The nanofiltration membrane filterabilities of deionized water, untreated pre-hydrolysis liquor, activated carbon treated pre-hydrolysis liquor, and double-treated pre-hydrolysis liquor are shown in FIG. 15. For the three solutions, the filterability of deionized water was the best, while the filterability of untreated pre-hydrolysis liquor was the poorest. Interestingly, the filterabilities of activated carbon treated pre-hydrolysis liquor and double-treated pre-hydrolysis liquor were much better than that of untreated pre-hydrolysis liquor, predominately due to the removal of high-molecular-weight lignin from the pre-hydrolysis liquor as a result of activated carbon adsorption. The filterability of double-treated pre-hydrolysis liquor was slightly better than that of activated carbon treated pre-hydrolysis liquor, which could be due to the fact that the ion exchange resin treatment resulted in further removal of dissolved organics.

For the double-treated pre-hydrolysis liquor, during the nanofiltration process, the concentration variations of dissolved organics in the concentrate and permeate as a function of time are shown in FIGS. 16-19. The hemicellulose sugars, including oligomeric sugars and monomeric sugars, were significantly concentrated as a result of membrane filtration. After conducting the membrane filtration for 430 min, the concentration of total hemicellulose sugars in the concentrate was as high as 22.13%, whereas the concentrations of UV lignin and acetic acid in the final concentrate were 0.32% and 0.71%, respectively. On balance, the membrane filtration exhibited high efficiency in concentrating the dissolved organics in double-treated pre-hydrolysis liquor. This concentrated sugar stream can then be used to produce value-added products, such as furfural, xylitol, ethanol, and others.
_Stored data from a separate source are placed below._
(* Let $C=(C_{i,j})$ be an $m\times n$ evolutionary stable (ES) configuration. Then there are no indices $i,j$ (with all positions below lying in the grid) such that either (Type III) $C_{i-1,j-1}=C_{i,j}=C_{i+1,j+1}=0$ and $C_{i+2,l}=1$ for all $l$ with $j+1\le l\le n$; or (Type IV) $C_{i-1,j-1}=C_{i,j}=C_{i+1,j+1}=0$ and, for all $l$ with $j+1\le l\le n$, $C_{i+1,l}=0$ if $l-(j+1)\equiv 0 \pmod 3$ and $C_{i+1,l}=1$ otherwise. The same holds for the mirror images of these two constellations under the reflection $j\mapsto n+1-j$ of columns (with the row patterns then extending to the left border).
   Context: An $m\times n$ configuration is a $0$-$1$ matrix $C=(C_{i,j})$, $1\le i\le m$, $1\le j\le n$; $C_{i,j}=1$ means lot $(i,j)$ is occupied by a house. Row $1$ is the northernmost, row $m$ the southernmost; column $1$ westernmost, column $n$ easternmost. A house at $(i,j)$ is blocked from sunlight if the three lots $(i,j-1)$, $(i,j+1)$, $(i+1,j)$ all lie inside the grid and are all occupied (lots outside the grid never obstruct sunlight). $C$ is permissible if no house is blocked, and maximal if it is permissible and setting any single empty lot to $1$ yields a non-permissible configuration. A maximal configuration is resistant to predators if, for every empty lot, putting a house on it results in that new house being blocked; it is resistant to altruists if, for every empty lot, putting a house on it results in some other (already existing) house being blocked. An ES configuration is a maximal configuration resistant to both predators and altruists. *)

From mathcomp Require Import all_boot.
Set Implicit Arguments. Unset Strict Implicit. Unset Printing Implicit Defensive.

(* Configurations: C : nat -> nat -> bool, indices 1-based; only the values
   at lots (i,j) with 1 <= i <= m, 1 <= j <= n are meaningful.
   C i j = true means lot (i,j) is occupied. *)
Definition config := nat -> nat -> bool.

Definition inside (m n i j : nat) : bool := (1 <= i <= m) && (1 <= j <= n).

Definition blocked (m n : nat) (C : config) (i j : nat) : bool :=
  [&& C i j,
      inside m n i j.-1 && C i j.-1,
      inside m n i j.+1 && C i j.+1 &
      inside m n i.+1 j && C i.+1 j].

Definition permissible (m n : nat) (C : config) : Prop :=
  forall i j, inside m n i j -> ~~ blocked m n C i j.

Definition add_house (C : config) (i j : nat) : config :=
  fun a b => if (a == i) && (b == j) then true else C a b.

Definition maximal (m n : nat) (C : config) : Prop :=
  permissible m n C /\
  forall i j, inside m n i j -> C i j = false ->
    ~ permissible m n (add_house C i j).

Definition resistant_predators (m n : nat) (C : config) : Prop :=
  forall i j, inside m n i j -> C i j = false ->
    blocked m n (add_house C i j) i j.

Definition resistant_altruists (m n : nat) (C : config) : Prop :=
  forall i j, inside m n i j -> C i j = false ->
    exists i' j', inside m n i' j' /\ (i', j') <> (i, j) /\ C i' j' /\
                   blocked m n (add_house C i j) i' j'.

Definition ES (m n : nat) (C : config) : Prop :=
  maximal m n C /\ resistant_predators m n C /\ resistant_altruists m n C.

Definition typeIII (m n : nat) (C : config) (i j : nat) : Prop :=
  (2 <= i) && (i + 2 <= m) /\ (2 <= j) && (j + 1 <= n) /\
      C i.-1 j.-1 = false /\ C i j = false /\ C i.+1 j.+1 = false /\
      forall l, j + 1 <= l <= n -> C (i + 2) l = true.

Definition typeIV (m n : nat) (C : config) (i j : nat) : Prop :=
  (2 <= i) && (i + 1 <= m) /\ (2 <= j) && (j + 1 <= n) /\
      C i.-1 j.-1 = false /\ C i j = false /\ C i.+1 j.+1 = false /\
      forall l, j + 1 <= l <= n -> C i.+1 l = ((l - (j + 1)) %% 3 != 0).

Definition mirror (n : nat) (C : config) : config := fun i j => C i (n.+1 - j).

(* Only three local consequences of the ES property are used: an empty lot has
   houses to its west, east and south; no house is blocked; and a house put on
   an empty lot blocks a neighbour.  Below a full row, or below a row reading
   0 1 1 0 1 1 ..., these rules force a row that starts with an empty lot to
   read 0 1 1 0 1 1 ... as well, until it breaks as 0 1 0 or reaches the
   eastern border.  Either way, scanning the row above westwards yields two
   empty lots at distance two, and these force, two rows further north, a
   staircase: two diagonally adjacent empty lots over a row reading 0 1 1 ...,
   which is the shape of Type IV.  A staircase in turn yields a break or a
   border pattern in its own rows, so the row index would decrease forever.
   Type III leads to a staircase or a break directly, and the three rules are
   invariant under the reflection of columns. *)

From mathcomp Require Import all_boot zify.
Set Implicit Arguments. Unset Strict Implicit. Unset Printing Implicit Defensive.

(* Occupancy facts are useless to [lia] and make it exponentially slow. *)
Ltac lia_idx :=
  repeat match goal with h : ?D _ _ = _ |- _ =>
    lazymatch type of D with config => clear h end end; lia.

Definition empty_enclosed (m n : nat) (C : config) : Prop :=
  forall i c, 1 <= i <= m -> 1 <= c <= n -> C i c = false ->
    [/\ 2 <= c, c < n, i < m & [/\ C i c.-1, C i c.+1 & C i.+1 c]].

Definition house_unblocked (m n : nat) (C : config) : Prop :=
  forall i c, 1 <= i < m -> 2 <= c < n ->
    C i c -> C i c.-1 -> C i c.+1 -> C i.+1 c = false.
The specific embodiments described above have been shown by way of example, and it should be understood that these embodiments may be susceptible to various modifications and alternative forms. It should be further understood that the claims are not intended to be limited to the particular forms disclosed, but rather to cover all modifications, equivalents, and alternatives falling within the spirit and scope of this disclosure.